THE STORY OF JOHNNY WHOOPER SWAN We go to school trusting our parents. We meet a teacher there who stands up front with a big desk, and a pointer. She or he trains us in an authoritative manner. We attach mentally to a life long need for authority in order to live lives successfully. Right so far? In my case, at the age of 25 I was ready to enter the practice of law where I hoped for success and a happy life finally. Very shortly, very shortly, I became anxious. There was a foreboding. I was made more uncomfortable with each experience. Law work is nothing like what I was told it would be. The system is corrupt. But I still cling to my expectation that career success is necessary to my happiness as a man. Each day my grasp of what the fuck success amounts to after all becomes more clouded, murkier. I hear songs on the airwaves and at concerts which describe my life as the life of a fool. What am I becoming? I want to rip off my business suit to run naked in the street with my hair on fire! But I am too afraid. In strange, weird (weird comes from a word meaning wise), fragmented steps I go about a journey of my own believing myself to be the first man to have failed in such a total way which journey works so as to break up my career, end a marriage, and start an entirely new way of relating with my two children whom I love deeply. Almost magically I meet a woman who is a career counselor who asserts a beautiful message that I am made to be joyful in my work everyday and at all levels. This understanding sets me on a completely new course. It is no longer a world of systems to me but an undivided one of unlimited beauty. It reminds me of a painting. A true masterpiece. I am drawn from within to learn the truth about my identity and nobody else can teach me that. From this point onward I will use thinking capacity for mastering mechanical processes and follow my heart, which includes my whole nature, which includes your whole nature and that of every human being for all the rest. I’ll go by the name Johnny Whooper Swan who does not explain itself to anyone. By my fruits shall I be known. Watch me soar!

Sunday, February 19, 2017

the PARIS REVIEW
Amusing Myself: An Interview with Bob Neuwirth, by Gary Lippman, Oct. 6 2014

Down the decades, Neuwirth, now seventy-five, has made the scene in Cambridge, Massachusetts, Berkeley, Paris, Nashville, Santa Monica, and Austin, stopping in at the fabled festivals of Newport, Monterey, and Woodstock and associating along the way with Janis Joplin, Lou Reed, the Coen Brothers, Brice Marden, T Bone Burnett, Joan Baez, Shel Silverstein, Elvis Costello, Sam Shepard, Kris Kristofferson, Larry Poons, The Band, and The Band’s former front man, Bob Dylan. In Chronicles: Volume One, Dylan recalled the decades when he and Neuwirth were especially close: “Like Kerouac had immortalized Neal Cassady in On the Road, somebody should have immortalized Neuwirth ... If ever there was a renaissance man leaping in and out of things, he would have to be it.”
For someone on the receiving end of such high praise from the famous, though, Neuwirth has a rather low view of fame itself. “Being famous is a full-time job,” he told me over lunch recently in the West Village. “You can get more done being anonymous. I know how people can get famous, but they have to want to do that ... It has to tickle the G-spot of their minds, because being anonymous is so much more powerful. You can get so much more done if you’re not worried about fame and fortune. You can get a lot done.
Me, I don’t give a shit. I’m just there to do what I do—for me. If anyone else gets enjoyment out of it, great, but I’m really trying to amuse myself. I was trying to think of something to do onstage, and I was driving past Will Rogers Ranch and I thought, You know, you can have an act by having a non-act …”

end interview.


J Swan: It must come down finally to this: all we name and discuss is nonsense and much chatter about nothing. What is real cannot be captured in a thought. When I cease thinking, I know.

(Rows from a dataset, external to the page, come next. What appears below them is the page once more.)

(* There is an absolute constant $C>0$ such that the following holds. Let $\ell,w\in\mathbb{N}$, $\Delta=2^\ell$, $\mathbf{s}\in\mathbb{R}_{\ge0}^{G_\Delta}$, and let $\boldsymbol{\nu}_i\in\mathbb{R}^{C_{2^i}}$ ($i=0,\dots,\ell$) be arbitrary vectors. Set $\mathbf{y}'_i=2^{-i}(\mathbf{P}_i\mathbf{s}+\boldsymbol{\nu}_i)$ and $\mathbf{y}'=[\mathbf{y}'_0\cdots\mathbf{y}'_\ell]$. Run the following procedure: $S_0=C_1$; for $i=1,\dots,\ell$, let $T_i$ be the set of children of cells in $S_{i-1}$ and let $S_i$ be a set of $\min\{w,|T_i|\}$ cells of $T_i$ with the largest values of $\mathbf{y}'$ (ties broken arbitrarily); let $S=\bigcup_{i=0}^\ell S_i$ and $\hat{\mathbf{y}}=\mathbf{y}'|_S$. Let $\mathbf{y}^*\in\arg\min_{\mathbf{y}\in\mathcal{M}_w}\|\mathbf{P}\mathbf{s}-\mathbf{y}\|_1$, let $T^*\in\mathcal{T}_w$ be such that $\mathrm{supp}(\mathbf{y}^* )\subseteq T^*$, and for $i=0,\dots,\ell$ let $T^*_i=T^*\cap C_{2^i}$ and $V_i=T^*_i\setminus S_i$. Then $$\|\hat{\mathbf{y}}-\mathbf{P}\mathbf{s}\|_1\le 3\|\mathbf{y}^*-\mathbf{P}\mathbf{s}\|_1+C\sum_{i=0}^{\ell}2^{-i}\big\|\boldsymbol{\nu}_i|_{V_i\cup S_i}\big\|_1.$$
   Context: $G_\Delta=\{(a/\Delta,b/\Delta): a,b\in\{0,\dots,\Delta-1\}\}$. For $i\ge0$, the level-$i$ cells are $C_{2^i}=\{[a,a+2^{-i})\times[b,b+2^{-i}) : (a,b)\in G_{2^i}\}$ (so $C_1=C_{2^0}$ consists of the single root cell $[0,1)^2$). $\mathbf{P}_i\in\{0,1\}^{C_{2^i}\times G_\Delta}$ has $\mathbf{P}_i(c,p)=1$ iff $p\in c$. The scaled pyramidal transform $\mathbf{P}$ is the matrix with rows indexed by $\bigcup_{i=0}^\ell C_{2^i}$ obtained by stacking $\mathbf{P}_0,2^{-1}\mathbf{P}_1,\dots,2^{-\ell}\mathbf{P}_\ell$. Vectors indexed by $\bigcup_i C_{2^i}$ are written $\mathbf{y}=[\mathbf{y}_0\cdots\mathbf{y}_\ell]$ with $\mathbf{y}_i\in\mathbb{R}^{C_{2^i}}$. A cell $c'\in C_{2^i}$ ($i\ge1$) is a child of $c\in C_{2^{i-1}}$ if $c'\subseteq c$; this makes the cells a tree rooted at $[0,1)^2$ with every internal node having four children. $\mathcal{T}_w$ is the set of subtrees (sets of cells containing the root and closed under taking parents) with at most $w$ cells at each level. $\mathcal{M}_w$ is the set of $\mathbf{y}=[\mathbf{y}_0\cdots\mathbf{y}_\ell]$ with $\mathbf{y}_i\in\mathbb{R}_{\ge0}^{C_{2^i}}$ such that (1) $\mathrm{supp}(\mathbf{y})\subseteq T$ for some $T\in\mathcal{T}_w$, and (2) for all $i\in\{0,\dots,\ell-1\}$ and $p\in C_{2^i}$, $\mathbf{y}(p)\ge 2\sum_{c\text{ child of }p}\mathbf{y}(c)$. For a vector $\mathbf{v}$ and index set $S$, $\mathbf{v}|_S$ agrees with $\mathbf{v}$ on $S$ and is $0$ elsewhere; $\mathrm{supp}$ denotes the set of nonzero coordinates. *)

From HB Require Import structures.
From mathcomp Require Import all_boot all_order all_algebra.
From mathcomp Require Import reals.
Set Implicit Arguments. Unset Strict Implicit. Unset Printing Implicit Defensive.
Import Order.TTheory GRing.Theory Num.Theory.
Local Open Scope ring_scope.

Section Pyramid.
Variable l : nat. (* Delta = 2^l *)

(* grid points of G_Delta: (a,b) stands for (a/Delta, b/Delta) *)
Definition point := ('I_(2 ^ l) * 'I_(2 ^ l))%type.

(* a cell (i,a,b) is [a/2^i,(a+1)/2^i) x [b/2^i,(b+1)/2^i), with a,b < 2^i, i <= l *)
Definition raw_cell := ('I_l.+1 * 'I_(2 ^ l) * 'I_(2 ^ l))%type.
Definition valid_cell (c : raw_cell) : bool :=
  (nat_of_ord c.1.2 < 2 ^ c.1.1)%N && (nat_of_ord c.2 < 2 ^ c.1.1)%N.
Definition cell := {c : raw_cell | valid_cell c}.

Definition level (c : cell) : nat := (sval c).1.1.
Definition cx (c : cell) : nat := (sval c).1.2.
Definition cy (c : cell) : nat := (sval c).2.

Definition in_cell (c : cell) (p : point) : bool :=
  ((nat_of_ord p.1) %/ 2 ^ (l - level c) == cx c)%N &&
  ((nat_of_ord p.2) %/ 2 ^ (l - level c) == cy c)%N.
Lemma ext1_inext h : ext1 (inext h) = h. Proof. by []. Qed.

Lemma ext2_inext h : ext2 (inext h) = 0. Proof. by rewrite ext2_of mod0z. Qed.

Lemma inext_inj : injective inext. Proof. exact: can_inj ext1_inext. Qed.

Lemma ext_cls_inext h : ext_cls N c (h, 0) = inext h.
Proof. by rewrite /ext_cls /= div0z mulr0z addr0. Qed.

Lemma inextD x y : inext (x + y) = inext x + inext y.
Proof. by rewrite -!ext_cls_inext ext_clsD /= addr0. Qed.

Lemma addr_inext (x : H') h : x + inext h = ext_of (ext1 x + h) (ext2 x).
Proof.
by rewrite -{1}(ext_clsK x) -ext_cls_inext ext_clsD /= addr0 /ext_cls /= divz_ext2 mulr0z addr0.
Qed.

Lemma image_inext (A : set H) : inext @` A = [set y | ext2 y = 0 /\ A (ext1 y)].
Proof.
apply/seteqP; split => [_ [a Aa <-]|y [e Ay]]; first by split; [exact: ext2_inext|].
by exists (ext1 y) => //; apply: ext_eq; rewrite ?ext2_inext.
Qed.

Lemma ext_of_continuous i : continuous (ext_of ^~ i).
Proof.
move=> h A /nbhs_extE; rewrite ext1_of ext2_of.
by apply: filterS => h'; rewrite /ext_slice /= ext_of_modz.
Qed.

Lemma open_image_inext (U : set H) : open U -> open (inext @` U).
Proof. by move=> oU; rewrite image_inext; have := open_ext_fiber N c 0 oU; rewrite mod0z. Qed.

Lemma closed_range_inext : closed (range inext).
Proof.
rewrite -openC open_extE => k; rewrite /ext_slice /=.
have [k0|k0] := eqVneq (k %% N)%Z 0.
  rewrite (_ : [set _ | _] = set0); first exact: open0.
  apply/seteqP; split=> h //= /(_ _); apply; exists h => //.
  by apply: ext_eq; rewrite ?ext2_inext ?ext2_of.
rewrite (_ : [set _ | _] = setT); first exact: openT.
apply/seteqP; split=> h //= _ [h' _ /(congr1 ext2)].
by rewrite ext2_inext ext2_of => /esym/eqP; rewrite (negPf k0).
Qed.

Lemma inext_subgroup_embedding : open_closed_subgroup_embedding inext.
Proof.
split; [exact: inext_inj | exact: inextD | exact: ext_of_continuous | exact: open_image_inext|].
by split; [exact: open_image_inext openT | exact: closed_range_inext].
Qed.

Lemma ext2_coset (y z : H') : pickle (ext2 y) = pickle (ext2 z) <-> range inext (y - z).
Proof.
split => [/(pcan_inj pickleK) eyz|[h _ ehyz]].
  exists (ext1 y - ext1 z) => //.
  by rewrite ext_subE eyz subrr -ext_cls_inext.
by rewrite -[y](subrK z) -ehyz addrC addr_inext ext2_of modz_ext2.
Qed.

Lemma ext_hausdorff : hausdorff_space H -> hausdorff_space H'.
Proof.
move=> hH x y clxy.
have [z [[ezx _] [ezy _]]] :=
  clxy _ _ (nbhs_ext_fiber (@filterT _ (nbhs (ext1 x)) _))
           (nbhs_ext_fiber (@filterT _ (nbhs (ext1 y)) _)).
apply: ext_eq; last by rewrite -ezx ezy.
apply: hH => A B nA nB.
have [w [[_ Aw] [_ Bw]]] := clxy _ _ (nbhs_ext_fiber nA) (nbhs_ext_fiber nB).
by exists (ext1 w).
Qed.

Lemma ext_locally_compact : locally_compact_space H -> locally_compact_space H'.
Proof.
move=> lcH x; have [K [nK cK]] := lcH (ext1 x).
exists ((ext_of ^~ (ext2 x)) @` K); split.
  by apply/nbhs_extE; apply: filterS nK => h Kh; exists h.
by apply: continuous_compact => //; apply: continuous_subspaceT; exact: ext_of_continuous.
Qed.

End ExtEmbedding.

Lemma neq_triangle (T : eqType) (x y z : T) :
  ((x != z)%:R : RR) <= (x != y)%:R + (y != z)%:R.
Proof.
have [->|_] := eqVneq x y; first by case: (y != z) => /=; lra.
by case: (x != z); case: (y != z) => /=; lra.
Qed.

Lemma ext_metrisable (H : topologicalZmodType) (N : int) (c : H) :
  metrisable H -> metrisable (extZ H N c).
Proof.
move=> [d [d_ge0 d_eq0 dC d_tri d_open]].
exists (fun x y => d (ext1 x) (ext1 y) + (ext2 x != ext2 y)%:R); split.
- by move=> x y; apply: addr_ge0.
- move=> x y; split => [/eqP|->]; last by rewrite (proj2 (d_eq0 _ _) erefl) eqxx addr0.
  rewrite paddr_eq0 // => /andP[/eqP/d_eq0 e1]; rewrite pnatr_eq0 eqb0 negbK => /eqP.
  exact: ext_eq.
- by move=> x y; rewrite dC eq_sym.
- by move=> x y z; rewrite addrACA; apply: lerD => //; exact: neq_triangle.
move=> A; split => [oA x Ax|Aball].
  have Ax' : ext_slice A (ext2 x) (ext1 x) by rewrite /ext_slice /= ext_ofK.
  have [e e_gt0 ballA] := (d_open _).1 (oA (ext2 x)) _ Ax'.
  exists (Num.min e 1); first by rewrite lt_min e_gt0 ltr01.
  move=> y /=; case: eqP => [exy|_]; last first.
    by rewrite lt_min => /andP[_]; rewrite -subr_lt0 addrK ltNge d_ge0.
  rewrite addr0 lt_min => /andP[/ballA + _]; rewrite /ext_slice /= exy.
  by rewrite ext_ofK.
rewrite open_extE => k; apply/(d_open _).2 => h Ah.
have [e e_gt0 ballA] := Aball _ Ah; exists e => // h' dhh'.
by apply: ballA; rewrite /= !ext1_of !ext2_of eqxx addr0.
Qed.

(** * The lattice L' *)

Section ExtLattice.
Variables (G H : topologicalZmodType) (L : set (G * H)) (a : G) (N : int) (c : H).
Hypothesis hL : cut_and_project L.
Hypothesis LNc : L (a *~ N, c).
Hypothesis dvdN : forall k h, L (a *~ k, h) -> (N %| k)%Z.
Local Notation H' := (extZ H N c).
Local Notation ext_of := (@ext_of H N c).
Local Notation ext_cls := (@ext_cls H N c).
Local Notation inext := (@inext H N c).

Definition ext_lattice : set (G * H') := [set p | L (p.1 - a *~ ext2 p.2, ext1 p.2)].

Let sL : is_subgroup L. Proof. by case: hL => _ _ []. Qed.

Lemma ext_lattice_cls g h i : ext_lattice (g, ext_cls (h, i)) <-> L (g - a *~ i, h).
Proof.
rewrite /ext_lattice /= ext1_of ext2_of; set q := (i %/ N)%Z.
have Lq : L (a *~ N *~ q, c *~ q) by exact: pair_subgroupMz.
have -> : (g - a *~ (i %% N)%Z, h + c *~ q) = (g - a *~ i, h) + (a *~ N *~ q, c *~ q).
  by congr pair; rewrite /modz mulrzBr opprB addrA addrAC -mulrzA mulrC.
split => [/(subgroupB sL)/(_ Lq)|Lgh]; first by rewrite addrK.
exact: subgroupD.
Qed.

Lemma ext_lattice_inext g h : ext_lattice (g, inext h) <-> L (g, h).
Proof. by rewrite /ext_lattice /= ext2_inext mulr0z subr0. Qed.

Lemma ext_lattice_subgroup : is_pair_subgroup ext_lattice.
Proof.
split => [|[g x] [g' y] Lx Ly].
  by rewrite /ext_lattice /= ext2_0 mulr0z subr0; exact: (subgroup0 sL).
rewrite /pair_sub /= ext_subE; apply/ext_lattice_cls.
by rewrite mulrzBr opprD addrACA -opprD; exact: (subgroupB sL Lx Ly).
Qed.

Lemma ext_lattice_inj : {in ext_lattice &, injective (fun p : G * H' => p.1)}.
Proof.
move=> [g x] [g' y]; rewrite !inE /= => Lx Ly egg'; subst g'.
have Ld : L (a *~ (ext2 x - ext2 y), ext1 y - ext1 x).
  have Lyx : L ((g - a *~ ext2 y) - (g - a *~ ext2 x), ext1 y - ext1 x).
    exact: (subgroupB sL Ly Lx).
  by rewrite mulrzBr; move: Lyx; rewrite opprB addrC addrA subrK.
have e2 : ext2 x = ext2 y.
  by move/dvdN: Ld; rewrite -eqz_mod_dvd !modz_ext2 => /eqP.
have [_ _ _ fst_inj _] := hL.
move: Ld; rewrite e2 subrr mulr0z => L0d.
have /(congr1 snd)/eqP := fst_inj _ _ (mem_set L0d) (mem_set (subgroup0 sL)) erefl.
by rewrite /= subr_eq0 => /eqP e1; congr pair; apply: ext_eq.
Qed.

Lemma ext_lattice_dense : dense [set p.2 | p in ext_lattice].
Proof.
move=> O [x Ox] oO; have [_ _ _ _ denseL] := hL.
have Ox' : ext_slice O (ext2 x) (ext1 x) by rewrite /ext_slice /= ext_ofK.
have [h [Oh [[g h'] Lgh /= eh']]] := denseL _ (ex_intro _ _ Ox') (oO (ext2 x)).
subst h'; exists (ext_of h (ext2 x)); split => //.
exists (g + a *~ ext2 x, ext_of h (ext2 x)) => //.
by rewrite /ext_lattice /= ext2_of_ext2 ext1_of addrK.
Qed.

Lemma ext_lattice_discrete : discrete_subset ext_lattice.
Proof.
move=> [g x] Lx; have [_ _ [_ discreteL _] _ _] := hL.
have [U [[[P Q] [/= nP nQ] PQU] UL]] := discreteL _ Lx.
exists [set q : G * H' | ext2 q.2 = ext2 x /\ U (q.1 - a *~ ext2 x, ext1 q.2)]; split.
  exists ([set g' | P (g' - a *~ ext2 x)], [set y | ext2 y = ext2 x /\ Q (ext1 y)]).
    by split; [exact: (@addr_continuous G (- (a *~ ext2 x)) g _ nP) | exact: nbhs_ext_fiber].
  by move=> [g' y] /= [Pg' [ey Qy]]; split => //; apply: PQU; split.
apply/seteqP; split => [[g' y] [[/= ey Uy] Ly]|_ ->].
  have : (U `&` L) (g' - a *~ ext2 x, ext1 y) by split => //; rewrite -ey.
  rewrite UL => -[/addIr e1 e2].
  by rewrite /= e1; congr pair; apply: ext_eq.
split => //=; split => //.
have : [set (g - a *~ ext2 x, ext1 x)] (g - a *~ ext2 x, ext1 x) by [].
by rewrite -UL => -[].
Qed.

When I cease thinking, I know.

All power is in knowledge after all. With that power at hand I proceed. Without it, I am a blathering fool.

And yet, people, not swans, insist upon treating their writings and speech as the ultimate knowledge and so long as that continues to be the road taken we shall get the same results we have always gotten. All praise to the author! To the copyright owner go the spoils! (blame)


All golden language worthy of a genius points only; does not claim to be the thing to be studied. It is much like this: the wise person tells us to “know thyself” so we proud-fully canonize the words by placing them in libraries and take great pride in our heritage and we never even look to see what it is we are. What fools!